# Items from a dataset
--------------------------------------------------

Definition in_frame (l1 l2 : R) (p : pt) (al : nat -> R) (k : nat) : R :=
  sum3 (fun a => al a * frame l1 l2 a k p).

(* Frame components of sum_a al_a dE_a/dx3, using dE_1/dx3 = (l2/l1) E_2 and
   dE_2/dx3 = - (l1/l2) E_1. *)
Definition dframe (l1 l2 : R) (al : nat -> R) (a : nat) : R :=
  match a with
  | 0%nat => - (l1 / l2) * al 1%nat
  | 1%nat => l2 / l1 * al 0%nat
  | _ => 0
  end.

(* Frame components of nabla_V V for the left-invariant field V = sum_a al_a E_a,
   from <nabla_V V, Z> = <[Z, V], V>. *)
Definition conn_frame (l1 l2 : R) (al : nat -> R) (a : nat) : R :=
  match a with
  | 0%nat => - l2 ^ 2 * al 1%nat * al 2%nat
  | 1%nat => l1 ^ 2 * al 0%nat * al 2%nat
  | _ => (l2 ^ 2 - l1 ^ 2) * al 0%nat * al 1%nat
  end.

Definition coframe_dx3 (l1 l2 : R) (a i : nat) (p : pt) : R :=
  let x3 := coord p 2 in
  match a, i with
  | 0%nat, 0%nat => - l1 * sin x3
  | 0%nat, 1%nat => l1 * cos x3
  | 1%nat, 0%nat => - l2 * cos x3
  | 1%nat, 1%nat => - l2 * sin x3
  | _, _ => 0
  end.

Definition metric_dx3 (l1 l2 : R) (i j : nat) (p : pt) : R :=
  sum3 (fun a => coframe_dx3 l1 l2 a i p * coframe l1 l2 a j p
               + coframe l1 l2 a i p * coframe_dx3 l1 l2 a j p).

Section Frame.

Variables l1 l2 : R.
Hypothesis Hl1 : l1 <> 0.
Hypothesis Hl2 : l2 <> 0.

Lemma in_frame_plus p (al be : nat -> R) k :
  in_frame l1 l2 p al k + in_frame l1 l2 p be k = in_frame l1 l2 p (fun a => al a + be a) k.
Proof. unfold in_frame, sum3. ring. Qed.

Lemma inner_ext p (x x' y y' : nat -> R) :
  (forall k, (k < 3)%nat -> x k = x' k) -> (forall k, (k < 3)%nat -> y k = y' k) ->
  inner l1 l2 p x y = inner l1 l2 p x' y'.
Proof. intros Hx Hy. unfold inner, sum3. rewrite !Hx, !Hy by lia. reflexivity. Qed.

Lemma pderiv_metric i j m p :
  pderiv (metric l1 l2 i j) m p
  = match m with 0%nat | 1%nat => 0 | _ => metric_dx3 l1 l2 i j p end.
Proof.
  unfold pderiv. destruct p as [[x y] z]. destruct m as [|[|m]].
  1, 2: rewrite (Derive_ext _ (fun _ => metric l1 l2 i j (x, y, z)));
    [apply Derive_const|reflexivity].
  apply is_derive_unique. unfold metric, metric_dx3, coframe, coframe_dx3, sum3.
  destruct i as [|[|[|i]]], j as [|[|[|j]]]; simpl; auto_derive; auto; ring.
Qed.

--------------------------------------------------

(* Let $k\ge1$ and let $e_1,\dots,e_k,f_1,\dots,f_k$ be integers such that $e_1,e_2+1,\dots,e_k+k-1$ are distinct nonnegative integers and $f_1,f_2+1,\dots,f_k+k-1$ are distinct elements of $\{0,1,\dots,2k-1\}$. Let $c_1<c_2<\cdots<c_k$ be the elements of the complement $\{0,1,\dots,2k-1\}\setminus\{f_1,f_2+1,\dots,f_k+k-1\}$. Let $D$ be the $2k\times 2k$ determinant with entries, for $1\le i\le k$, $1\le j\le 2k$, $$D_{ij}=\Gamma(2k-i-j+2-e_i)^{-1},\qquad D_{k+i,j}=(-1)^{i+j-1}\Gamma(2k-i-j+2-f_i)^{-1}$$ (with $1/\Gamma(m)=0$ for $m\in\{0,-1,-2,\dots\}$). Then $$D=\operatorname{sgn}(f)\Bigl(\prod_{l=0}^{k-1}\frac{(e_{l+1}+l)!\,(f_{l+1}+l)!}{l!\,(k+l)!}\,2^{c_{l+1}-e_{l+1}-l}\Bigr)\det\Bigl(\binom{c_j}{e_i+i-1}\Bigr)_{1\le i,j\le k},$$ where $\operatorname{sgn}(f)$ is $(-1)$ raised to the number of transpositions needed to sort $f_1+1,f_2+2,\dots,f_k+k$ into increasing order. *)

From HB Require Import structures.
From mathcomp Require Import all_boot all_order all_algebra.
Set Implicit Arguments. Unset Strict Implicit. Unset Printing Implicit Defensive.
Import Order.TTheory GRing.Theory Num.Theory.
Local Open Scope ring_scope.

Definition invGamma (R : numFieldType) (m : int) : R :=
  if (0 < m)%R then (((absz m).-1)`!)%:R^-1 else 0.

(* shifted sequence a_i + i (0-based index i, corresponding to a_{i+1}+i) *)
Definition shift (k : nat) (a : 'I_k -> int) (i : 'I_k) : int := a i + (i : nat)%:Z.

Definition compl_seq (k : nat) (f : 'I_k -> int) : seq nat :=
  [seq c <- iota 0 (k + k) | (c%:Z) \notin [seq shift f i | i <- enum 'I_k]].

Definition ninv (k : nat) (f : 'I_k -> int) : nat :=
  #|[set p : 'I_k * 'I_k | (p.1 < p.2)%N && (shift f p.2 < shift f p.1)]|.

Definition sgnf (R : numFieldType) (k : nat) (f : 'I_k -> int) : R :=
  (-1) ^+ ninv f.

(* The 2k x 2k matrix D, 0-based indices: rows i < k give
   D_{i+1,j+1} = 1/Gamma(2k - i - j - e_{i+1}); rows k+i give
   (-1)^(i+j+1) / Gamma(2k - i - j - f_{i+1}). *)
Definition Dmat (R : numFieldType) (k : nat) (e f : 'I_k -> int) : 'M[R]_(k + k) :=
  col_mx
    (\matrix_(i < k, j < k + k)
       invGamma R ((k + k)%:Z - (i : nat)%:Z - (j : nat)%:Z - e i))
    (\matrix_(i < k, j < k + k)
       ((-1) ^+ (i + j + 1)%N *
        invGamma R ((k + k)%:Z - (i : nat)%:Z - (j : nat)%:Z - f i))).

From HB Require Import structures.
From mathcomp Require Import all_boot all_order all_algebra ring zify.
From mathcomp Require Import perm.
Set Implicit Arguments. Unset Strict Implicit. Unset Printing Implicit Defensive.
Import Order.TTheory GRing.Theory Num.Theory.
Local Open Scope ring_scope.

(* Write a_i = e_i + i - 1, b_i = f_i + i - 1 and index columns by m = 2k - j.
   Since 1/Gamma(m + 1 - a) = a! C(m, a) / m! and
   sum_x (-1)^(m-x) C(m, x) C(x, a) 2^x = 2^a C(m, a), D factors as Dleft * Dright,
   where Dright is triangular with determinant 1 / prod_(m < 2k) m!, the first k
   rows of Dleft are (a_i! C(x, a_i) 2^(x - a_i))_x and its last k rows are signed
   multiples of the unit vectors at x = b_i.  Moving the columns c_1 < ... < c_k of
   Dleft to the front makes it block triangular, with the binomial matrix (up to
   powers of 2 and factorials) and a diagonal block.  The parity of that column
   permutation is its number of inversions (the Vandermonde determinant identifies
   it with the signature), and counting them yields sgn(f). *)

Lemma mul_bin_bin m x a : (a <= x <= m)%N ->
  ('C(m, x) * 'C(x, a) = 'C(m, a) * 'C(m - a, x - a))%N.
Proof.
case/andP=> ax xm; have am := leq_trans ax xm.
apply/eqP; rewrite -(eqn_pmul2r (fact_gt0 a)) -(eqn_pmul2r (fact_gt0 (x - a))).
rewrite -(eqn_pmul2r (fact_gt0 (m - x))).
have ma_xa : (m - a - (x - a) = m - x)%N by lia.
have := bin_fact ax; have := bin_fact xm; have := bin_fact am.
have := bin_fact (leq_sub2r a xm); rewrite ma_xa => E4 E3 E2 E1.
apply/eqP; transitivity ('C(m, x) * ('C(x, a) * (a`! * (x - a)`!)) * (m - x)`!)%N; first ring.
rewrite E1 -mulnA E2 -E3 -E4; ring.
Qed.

--------------------------------------------------

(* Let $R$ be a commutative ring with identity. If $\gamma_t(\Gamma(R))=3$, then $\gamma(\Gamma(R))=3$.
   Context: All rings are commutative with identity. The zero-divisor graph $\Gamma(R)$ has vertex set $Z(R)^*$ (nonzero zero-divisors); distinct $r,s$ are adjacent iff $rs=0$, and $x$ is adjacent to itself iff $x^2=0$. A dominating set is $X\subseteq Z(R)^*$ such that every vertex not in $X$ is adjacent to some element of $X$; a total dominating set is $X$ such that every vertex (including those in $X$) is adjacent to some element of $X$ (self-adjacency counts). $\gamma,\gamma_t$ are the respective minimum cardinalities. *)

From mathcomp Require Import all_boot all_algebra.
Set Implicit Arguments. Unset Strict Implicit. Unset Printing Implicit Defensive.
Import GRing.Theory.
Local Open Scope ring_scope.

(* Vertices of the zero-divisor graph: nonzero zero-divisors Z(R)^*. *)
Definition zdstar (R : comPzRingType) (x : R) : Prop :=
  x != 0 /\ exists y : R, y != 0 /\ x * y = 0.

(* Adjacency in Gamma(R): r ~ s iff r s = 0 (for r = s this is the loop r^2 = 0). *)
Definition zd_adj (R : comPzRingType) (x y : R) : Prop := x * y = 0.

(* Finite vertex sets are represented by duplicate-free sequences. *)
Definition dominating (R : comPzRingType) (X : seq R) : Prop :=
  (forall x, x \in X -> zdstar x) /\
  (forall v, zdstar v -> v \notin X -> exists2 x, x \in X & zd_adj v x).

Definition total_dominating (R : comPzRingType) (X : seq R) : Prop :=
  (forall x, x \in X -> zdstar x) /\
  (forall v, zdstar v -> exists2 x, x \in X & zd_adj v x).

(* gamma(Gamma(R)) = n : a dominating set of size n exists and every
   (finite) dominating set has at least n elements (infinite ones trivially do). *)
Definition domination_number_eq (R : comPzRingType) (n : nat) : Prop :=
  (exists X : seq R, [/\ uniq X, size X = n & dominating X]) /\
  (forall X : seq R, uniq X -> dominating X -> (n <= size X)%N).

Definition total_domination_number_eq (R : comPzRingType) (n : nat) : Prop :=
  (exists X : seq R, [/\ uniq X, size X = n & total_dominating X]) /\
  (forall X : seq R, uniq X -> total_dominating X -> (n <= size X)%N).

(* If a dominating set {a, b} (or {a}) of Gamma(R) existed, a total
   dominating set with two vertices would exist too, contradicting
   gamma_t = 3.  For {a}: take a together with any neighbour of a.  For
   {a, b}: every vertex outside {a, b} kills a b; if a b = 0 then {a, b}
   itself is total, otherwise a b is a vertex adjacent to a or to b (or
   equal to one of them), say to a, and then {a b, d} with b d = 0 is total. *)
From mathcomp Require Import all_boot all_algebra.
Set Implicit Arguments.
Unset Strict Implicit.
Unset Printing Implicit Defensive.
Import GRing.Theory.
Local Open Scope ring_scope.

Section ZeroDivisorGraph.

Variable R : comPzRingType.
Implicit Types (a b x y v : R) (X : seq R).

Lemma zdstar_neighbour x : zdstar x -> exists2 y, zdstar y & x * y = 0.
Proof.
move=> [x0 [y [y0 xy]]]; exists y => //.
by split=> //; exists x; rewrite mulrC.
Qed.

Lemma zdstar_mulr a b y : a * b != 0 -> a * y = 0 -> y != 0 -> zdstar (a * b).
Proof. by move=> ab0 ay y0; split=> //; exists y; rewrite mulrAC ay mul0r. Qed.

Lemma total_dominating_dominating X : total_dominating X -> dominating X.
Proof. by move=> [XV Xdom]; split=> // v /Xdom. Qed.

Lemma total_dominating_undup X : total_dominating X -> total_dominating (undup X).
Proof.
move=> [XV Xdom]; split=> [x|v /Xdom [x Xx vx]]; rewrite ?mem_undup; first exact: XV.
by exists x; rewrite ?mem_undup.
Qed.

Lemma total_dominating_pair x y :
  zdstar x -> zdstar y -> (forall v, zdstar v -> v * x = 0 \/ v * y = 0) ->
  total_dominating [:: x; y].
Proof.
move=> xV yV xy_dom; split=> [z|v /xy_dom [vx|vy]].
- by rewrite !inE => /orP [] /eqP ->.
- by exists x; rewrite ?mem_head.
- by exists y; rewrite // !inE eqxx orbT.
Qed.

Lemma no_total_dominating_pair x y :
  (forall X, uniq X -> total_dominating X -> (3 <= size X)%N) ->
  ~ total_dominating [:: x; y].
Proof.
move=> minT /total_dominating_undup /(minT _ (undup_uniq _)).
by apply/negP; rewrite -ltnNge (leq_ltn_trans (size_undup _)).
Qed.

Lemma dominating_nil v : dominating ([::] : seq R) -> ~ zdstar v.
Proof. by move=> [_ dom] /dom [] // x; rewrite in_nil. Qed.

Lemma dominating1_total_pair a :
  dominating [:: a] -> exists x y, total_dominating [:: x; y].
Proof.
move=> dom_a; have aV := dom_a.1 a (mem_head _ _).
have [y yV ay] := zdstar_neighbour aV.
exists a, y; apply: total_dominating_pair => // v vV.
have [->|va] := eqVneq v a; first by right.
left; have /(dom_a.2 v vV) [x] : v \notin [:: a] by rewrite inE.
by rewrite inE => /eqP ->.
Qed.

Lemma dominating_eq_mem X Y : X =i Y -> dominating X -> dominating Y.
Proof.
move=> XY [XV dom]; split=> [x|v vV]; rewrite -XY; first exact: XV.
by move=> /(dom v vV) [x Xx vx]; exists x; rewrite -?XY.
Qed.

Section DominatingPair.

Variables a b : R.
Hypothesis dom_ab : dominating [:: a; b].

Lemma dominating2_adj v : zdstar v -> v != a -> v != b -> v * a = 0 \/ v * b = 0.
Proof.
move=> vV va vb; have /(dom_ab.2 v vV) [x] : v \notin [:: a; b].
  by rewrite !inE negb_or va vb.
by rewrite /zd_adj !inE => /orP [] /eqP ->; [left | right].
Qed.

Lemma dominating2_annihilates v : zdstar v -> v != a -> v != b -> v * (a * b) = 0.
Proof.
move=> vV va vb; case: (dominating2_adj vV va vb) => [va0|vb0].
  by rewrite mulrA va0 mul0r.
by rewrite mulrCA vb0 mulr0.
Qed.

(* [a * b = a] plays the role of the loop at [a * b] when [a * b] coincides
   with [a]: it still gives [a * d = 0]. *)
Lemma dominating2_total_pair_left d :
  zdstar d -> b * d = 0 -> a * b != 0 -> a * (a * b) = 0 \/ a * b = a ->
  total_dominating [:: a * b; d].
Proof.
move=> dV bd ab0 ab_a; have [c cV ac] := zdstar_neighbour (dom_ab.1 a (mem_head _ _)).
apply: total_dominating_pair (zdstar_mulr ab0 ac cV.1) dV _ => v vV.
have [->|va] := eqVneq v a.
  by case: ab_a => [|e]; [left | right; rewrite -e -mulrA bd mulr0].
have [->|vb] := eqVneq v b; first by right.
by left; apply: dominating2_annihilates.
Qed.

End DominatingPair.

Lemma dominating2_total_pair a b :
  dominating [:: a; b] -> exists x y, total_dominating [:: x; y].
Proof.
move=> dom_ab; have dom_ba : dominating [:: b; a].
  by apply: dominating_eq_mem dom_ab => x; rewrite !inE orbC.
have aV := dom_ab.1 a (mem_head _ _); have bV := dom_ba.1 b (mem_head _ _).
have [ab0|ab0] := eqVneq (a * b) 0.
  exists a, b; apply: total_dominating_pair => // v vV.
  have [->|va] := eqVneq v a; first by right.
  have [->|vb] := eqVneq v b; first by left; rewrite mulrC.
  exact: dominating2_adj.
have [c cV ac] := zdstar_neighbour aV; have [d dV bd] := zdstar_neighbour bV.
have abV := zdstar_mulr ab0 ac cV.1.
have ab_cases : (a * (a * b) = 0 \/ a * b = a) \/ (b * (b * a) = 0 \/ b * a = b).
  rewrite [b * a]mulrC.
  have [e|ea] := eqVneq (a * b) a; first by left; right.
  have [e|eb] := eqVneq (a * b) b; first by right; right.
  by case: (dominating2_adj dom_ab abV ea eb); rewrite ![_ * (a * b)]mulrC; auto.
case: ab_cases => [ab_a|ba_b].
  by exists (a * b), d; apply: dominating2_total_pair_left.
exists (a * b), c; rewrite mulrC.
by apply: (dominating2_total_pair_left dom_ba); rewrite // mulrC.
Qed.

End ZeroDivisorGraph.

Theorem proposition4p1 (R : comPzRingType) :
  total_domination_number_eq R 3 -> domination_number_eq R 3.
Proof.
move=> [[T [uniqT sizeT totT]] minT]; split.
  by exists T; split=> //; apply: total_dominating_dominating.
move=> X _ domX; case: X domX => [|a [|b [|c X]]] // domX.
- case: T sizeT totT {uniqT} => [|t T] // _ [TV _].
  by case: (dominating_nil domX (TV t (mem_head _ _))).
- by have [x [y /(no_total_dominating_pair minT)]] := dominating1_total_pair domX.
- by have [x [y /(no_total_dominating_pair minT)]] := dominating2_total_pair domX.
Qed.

--------------------------------------------------

# YOUR ASSIGNMENT
Using the records above, restate word for word the lines from the one with "Definition in_frame (l1" through the one with "dE_2/dx3 = - (l1/l2) E_1. *)", both included.

# RESPONSE AREA
Definition in_frame (l1 l2 : R) (p : pt) (al : nat -> R) (k : nat) : R :=
  sum3 (fun a => al a * frame l1 l2 a k p).

(* Frame components of sum_a al_a dE_a/dx3, using dE_1/dx3 = (l2/l1) E_2 and
   dE_2/dx3 = - (l1/l2) E_1. *)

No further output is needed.